I only became aware of it when I started getting papers from KBC bank.

She told the Master that the provision of legal aid would be helpful. He agreed to extend the time for her to file a notice of appeal to the possession order on her home.

“Two months to consult Abhaile, who will give you €200 of legal advice,” he said.

This scheme offers vouchers to struggling debtors who can then visit a solicitor or legal adviser. However they are usually only covered for one or two advice meetings and still have to represent themselves in court unless they can afford to pay for a solicitor and barrister for their proceedings.

Honohan has previously described the scheme as “a scam” that was only set up so the government could avoid having to fund a proper legal aid system for repossession cases. In February he said it was a “sick joke” that people at risk of losing their homes were being directed to this service under the impression that it would offer a solution.

‘Is this all above your head?’

He had started his morning by refusing to continue until a barrister for Bank of Ireland did the maths on his yellow legal pad to add up the amount of land in six folios the bank was attempting to gain possession of.
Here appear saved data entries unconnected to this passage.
Lemma form_gprimer (f : g -> g -> K) : bilin_form f ->
  (forall u a y, derived brk y -> f u (t a y) = 0) ->
  forall u v, gprime t brk v -> f u v = 0.
Proof.
move=> f_bilin f_tensor u.
apply: (inspan_lin_ext (form_linr f_bilin u) (lin_zero (V := g) K^o)).
by move=> _ [a [y [Dy ->]]]; apply: f_tensor.
Qed.

Lemma cocycle_identity_tensor (f : g -> g -> K) : bilin_form f ->
  (forall a x b y c z, f (brg (t a x) (t b y)) (t c z) + f (brg (t b y) (t c z)) (t a x)
      + f (brg (t c z) (t a x)) (t b y) = 0) ->
  forall u v w, f (brg u v) w + f (brg v w) u + f (brg w u) v = 0.
Proof.
move=> f_bilin f_tensor.
pose T u v w := f (brg u v) w + f (brg v w) u + f (brg w u) v.
have T_cycle u v w : T u v w = T v w u by rewrite /T; ring.
have T_lin u v : is_lin (W := K^o) (T u v).
  move=> c w1 w2; rewrite /T (brg_bilin.1 v) [brg (_ + _) u](brg_bilin.2 u).
  rewrite !(formDl f_bilin) (formDr f_bilin) !(formZl f_bilin) (formZr f_bilin).
  by rewrite -[c *: _]/(c * _); ring.
have T_tensor2 a x b y w : T (t a x) (t b y) w = 0.
  apply: (tensor_lin_ext t_tensor (T_lin _ _) (lin_zero (V := g) K^o)) => c z.
  exact: f_tensor.
have T_tensor1 a x v w : T (t a x) v w = 0.
  rewrite T_cycle T_cycle.
  apply: (tensor_lin_ext t_tensor (T_lin _ _) (lin_zero (V := g) K^o)) v => b y /=.
  by rewrite T_cycle T_tensor2.
move=> u v w; rewrite -/(T u v w) T_cycle.
apply: (tensor_lin_ext t_tensor (T_lin _ _) (lin_zero (V := g) K^o)) u => a x /=.
by rewrite -T_cycle T_tensor1.
Qed.

Lemma Z2_lift_skew phi : Z2_lift brk phi -> forall a x y, phi a x y = - phi a y x.
Proof. by move=> phi_Z2 a; apply: alt_form_skew; exact: (phi_Z2.2 a).1. Qed.

Lemma fphi_skew phi h : Z2_lift brk phi -> is_fphi t phi h -> forall u v, h u v = - h v u.
Proof.
move=> phi_Z2 [h_bilin h_tensor].
apply: (tensor_form_ext t_tensor h_bilin).
  by split=> c u1 u2 v; rewrite ?h_bilin.1 ?h_bilin.2; ring.
by move=> a x b y; rewrite !h_tensor mulrC (Z2_lift_skew phi_Z2 (b * a) y) opprK.
Qed.
Lemma inactive_interior_minimizer (U : set 'cV[R]_n) a b u w :
  U° u -> b < dotc a u ->
  (forall v, U v -> b <= dotc a v -> sqnorm2 (u - w) <= sqnorm2 (v - w)) ->
  w = u.
Proof.
move=> Uu bu umin.
have [t [/andP[t0 t1] [Ut bt]]] : exists t,
    0 < t < 1 /\ U (u + t *: (w - u)) /\ b < dotc a (u + t *: (w - u)).
  apply: (@filter_ex _ 0^'+); near=> t; split; first (apply/andP; split).
  - by near: t; exact: nbhs_right_gt.
  - by near: t; exact: nbhs_right_lt.
  - by near: t; apply: cvg_within; exact: segment_inactive_near.
have := umin _ Ut (ltW bt).
have -> : u + t *: (w - u) - w = (1 - t) *: (u - w).
  by apply/matrixP => i j; rewrite !mxE; ring.
rewrite sqnorm2Z; set S := sqnorm2 (u - w) => S_le.
have S0 : S * (t * (2 - t)) <= 0.
  have E : (1 - t) ^+ 2 * S = S - S * (t * (2 - t)) by ring.
  lra.
rewrite pmulr_lle0 in S0; last by apply: mulr_gt0 => //; lra.
apply/esym/subr0_eq/sqnorm2_eq0/le_anti.
by rewrite S0 sqnorm2_ge0.
Unshelve. all: by end_near.
Qed.

End Projection.

Lemma classK_eq0 (R : realType) (G : R -> R) y : classK G -> G y = 0 -> y = 0.
Proof.
move=> [_ [Gmono G0]] Gy.
by case: (ltgtP y 0) => //; rewrite -Gmono Gy G0 ltxx.
Qed.

Lemma mulmx_sum_col (R : comPzRingType) m n (A : 'M[R]_(m, n)) (u : 'cV[R]_n) :
  A *m u = \sum_j u j 0 *: col j A.
Proof.
apply/colP => i; rewrite !mxE summxE; apply: eq_bigr => j _.
by rewrite !mxE mulrC.
Qed.
Lemma vqV a : vq p a^-1 = - vq p a.
Proof.
have [->|a0] := eqVneq a 0; first by rewrite invr0 vq0.
rewrite -[a]divq_num_den invf_div.
have na : numq a != 0 by rewrite numq_eq0.
rewrite !vq_frac ?denq_neq0 //; lia.
Qed.

Lemma vq_div a b : a != 0 -> b != 0 -> vq p (a / b) = vq p a - vq p b.
Proof. by move=> a0 b0; rewrite vqM ?invr_eq0 // vqV. Qed.

Lemma vqX a n : a != 0 -> vq p (a ^+ n) = vq p a *+ n.
Proof.
move=> a0; elim: n => [|n IH]; first by rewrite expr0 mulr0n vq1.
by rewrite exprS vqM ?expf_neq0 // IH mulrS.
Qed.

Notation pge := (padic_ge p).

Lemma padic_geE j a : a != 0 -> pge j a = (j <= vq p a).
Proof. by rewrite /padic_ge => /negbTE ->. Qed.

Lemma padic_ge0 j : pge j 0.
Proof. by rewrite /padic_ge eqxx. Qed.

Lemma padic_geN j a : pge j (- a) = pge j a.
Proof. by rewrite /padic_ge oppr_eq0 vqN. Qed.

Lemma padic_geM i j a b : pge i a -> pge j b -> pge (i + j) (a * b).
Proof.
rewrite /padic_ge mulf_eq0; have [//|a0] := eqVneq a 0.
by have [//|b0] := eqVneq b 0 => /= ha hb; rewrite vqM // lerD.
Qed.

Lemma padic_geW i j a : i <= j -> pge j a -> pge i a.
Proof. by rewrite /padic_ge => ij /orP [->//|h]; rewrite (le_trans ij h) orbT. Qed.

Lemma padic_ge_int (m : int) : pge 0 m%:~R.
Proof. by rewrite /padic_ge vq_int orbT. Qed.

Lemma padic_ge_val a : pge (vq p a) a.
Proof. by rewrite /padic_ge lexx orbT. Qed.

Lemma padic_ge_bounded a : exists n : nat, pge (- n%:Z) a.
Proof. by exists `|vq p a|%N; apply: padic_geW (padic_ge_val a); lia. Qed.

Lemma padic_ge1_1 : ~~ pge 1 1.
Proof. by rewrite /padic_ge oner_eq0 vq1. Qed.

End PadicValuation.

Section PrimeValuation.
Variable p : nat.
Hypothesis p_prime : prime p.
Notation pge := (padic_ge p).

Lemma p_neq0 : (p%:R : rat) != 0.
Proof. by rewrite pnatr_eq0 -lt0n prime_gt0. Qed.

Lemma pX_neq0 n : (p%:R : rat) ^+ n != 0.
Proof. exact: expf_neq0 p_neq0. Qed.

Lemma pX_gt0 n : (0 : rat) < p%:R ^+ n.
Proof. by rewrite exprn_gt0 // ltr0n prime_gt0. Qed.

Lemma vq_pX n : vq p (p%:R ^+ n) = n%:Z.
Proof.
rewrite vqX ?p_neq0 // -[p%:R]/((p%:Z)%:~R) vq_int /= logn_prime ?eqxx //.
lia.
Qed.

Lemma vq_ge0_ndvd_den a : 0 <= vq p a -> ~~ (p %| `|denq a|)%N.
Proof.
have [->|a0] := eqVneq a 0.
  by move=> _; rewrite (_ : denq 0 = 1) // dvdn1; apply: contraTneq p_prime => ->.
rewrite /vq => H; apply/negP => pd.
have : (0 < logn p `|denq a|)%N by rewrite logn_gt0 mem_primes p_prime absz_gt0 denq_neq0.
have [ln0|lnp] := eqVneq (logn p `|numq a|) 0%N; first by move: H; rewrite ln0; lia.
have pn : (p %| `|numq a|)%N.
  have : (0 < logn p `|numq a|)%N by rewrite lt0n.
  by rewrite logn_gt0 mem_primes => /and3P [].
have : (p %| gcdn `|numq a| `|denq a|)%N by rewrite dvdn_gcd pn pd.
rewrite (eqP (coprime_num_den a)) dvdn1 => /eqP p1.
by move: p_prime; rewrite p1.
Qed.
Later, he raised his voice as he told barristers at the front of his court to make room for a lay litigant, Mary Fahy, to sit among them so she should be on a more equal footing.

“She’s entitled to sit in the front row,” he told them.

Honohan questioned whether, under the European Charter of Human Rights, he could allow the case to proceed without the provision of legal aid for the woman.

“Is this all above your head?” he asked her after a back-and-forth with the bank’s barrister.

“Most of it,” she replied.

He asked whether the judge in the Circuit Court who granted the possession order on her apartment in Galway had read her mortgage contract and told her there were no unfair terms in it.

“No.”

He asked whether the judge in Circuit Court had spoken to her about her domestic circumstances.

“No.”

He asked whether the judge had asked her how much she could afford to pay the bank.

“No.”

The bank’s barrister was keen to push ahead with the case “on an expeditious basis”, despite the woman’s request for more time.

“Why does it need, for society to operate, for this matter to be dealt with expeditiously?” Honohan asked.

“Why do you need the house?”

In each of the cases before him Wednesday morning, Honohan granted a time extension for the lay litigants involved.

But he pointed out that this was as much as he was able to do, and once they moved to the judges’ list, they would be on their own again in the battle with the banks and their teams of barristers.